• _The problem_: Please return, with no alterations, the lines below from the very first through the one that contains "intros Hh Hh1 Htau".

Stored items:
*** Block opens ***

Lemma err_const_ge0 Kp : 0 <= err_const Kp.
Proof.
  unfold err_const. pose proof (exp_pos (growth_rate Kp * t0)).
  pose proof (pow2_ge_0 consistency_const).
  apply Rmult_le_pos; [apply Rmult_le_pos |]; nra.
Qed.

Lemma scaled_error_bound h tau Kp : 0 < h -> h <= 1 ->
  h * (t0 * 2 * trunc_l2_bound h tau * exp (growth_rate Kp * t0))
  <= err_const Kp * (tau + h ^ 2) ^ 2.
Proof.
  intros Hh Hh1. unfold err_const, trunc_l2_bound.
  replace (h * (t0 * 2 * (consistency_const ^ 2 * (tau + h ^ 2) ^ 2 * (1 + 4 / h))
                * exp (growth_rate Kp * t0)))
    with (2 * t0 * exp (growth_rate Kp * t0) * consistency_const ^ 2 * (tau + h ^ 2) ^ 2 * (h + 4))
    by (field; lra).
  assert (0 <= 2 * t0 * exp (growth_rate Kp * t0) * consistency_const ^ 2 * (tau + h ^ 2) ^ 2).
  { pose proof (exp_pos (growth_rate Kp * t0)).
    apply Rmult_le_pos; [apply Rmult_le_pos; [apply Rmult_le_pos |] |]; try apply pow2_ge_0; nra. }
  nra.
Qed.

(* The energy estimate needs [||err||^2 <= h^2] as an a priori bound; for small [h] the
   final bound [O(h^3)] recovers it. *)
Lemma bootstrap_condition h tau Kp : 0 < h -> h <= 1 -> 0 <= tau <= h ^ 2 ->
  4 * err_const Kp * h <= 1 ->
  t0 * 2 * trunc_l2_bound h tau * exp (growth_rate Kp * t0) <= h ^ 2.
Proof.
  intros Hh Hh1 Htau HM. pose proof (err_const_ge0 Kp).
  apply Rmult_le_reg_l with h; [exact Hh |].
  eapply Rle_trans; [apply scaled_error_bound; auto |].
  assert ((tau + h ^ 2) ^ 2 <= 4 * h ^ 4).
  { replace (4 * h ^ 4) with ((2 * h ^ 2) ^ 2) by ring.
    apply pow_incr. pose proof (pow2_ge_0 h). nra. }
  assert (err_const Kp * (tau + h ^ 2) ^ 2 <= err_const Kp * (4 * h ^ 4))
    by (apply Rmult_le_compat_l; auto).
  assert (0 <= h ^ 3) by (apply pow_le; lra).
  replace (err_const Kp * (4 * h ^ 4)) with (4 * err_const Kp * h * h ^ 3) in * by ring.
  replace (h * h ^ 2) with (1 * h ^ 3) by ring.
  assert (4 * err_const Kp * h * h ^ 3 <= 1 * h ^ 3) by (apply Rmult_le_compat_r; lra).
  lra.
Qed.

*** Block closes ***

• _Answer box_:
Lemma err_const_ge0 Kp : 0 <= err_const Kp.
Proof.
  unfold err_const. pose proof (exp_pos (growth_rate Kp * t0)).
  pose proof (pow2_ge_0 consistency_const).
  apply Rmult_le_pos; [apply Rmult_le_pos |]; nra.
Qed.

Lemma scaled_error_bound h tau Kp : 0 < h -> h <= 1 ->
  h * (t0 * 2 * trunc_l2_bound h tau * exp (growth_rate Kp * t0))
  <= err_const Kp * (tau + h ^ 2) ^ 2.
Proof.
  intros Hh Hh1. unfold err_const, trunc_l2_bound.
  replace (h * (t0 * 2 * (consistency_const ^ 2 * (tau + h ^ 2) ^ 2 * (1 + 4 / h))
                * exp (growth_rate Kp * t0)))
    with (2 * t0 * exp (growth_rate Kp * t0) * consistency_const ^ 2 * (tau + h ^ 2) ^ 2 * (h + 4))
    by (field; lra).
  assert (0 <= 2 * t0 * exp (growth_rate Kp * t0) * consistency_const ^ 2 * (tau + h ^ 2) ^ 2).
  { pose proof (exp_pos (growth_rate Kp * t0)).
    apply Rmult_le_pos; [apply Rmult_le_pos; [apply Rmult_le_pos |] |]; try apply pow2_ge_0; nra. }
  nra.
Qed.

(* The energy estimate needs [||err||^2 <= h^2] as an a priori bound; for small [h] the
   final bound [O(h^3)] recovers it. *)
Lemma bootstrap_condition h tau Kp : 0 < h -> h <= 1 -> 0 <= tau <= h ^ 2 ->
  4 * err_const Kp * h <= 1 ->
  t0 * 2 * trunc_l2_bound h tau * exp (growth_rate Kp * t0) <= h ^ 2.
Proof.
  intros Hh Hh1 Htau HM. pose proof (err_const_ge0 Kp).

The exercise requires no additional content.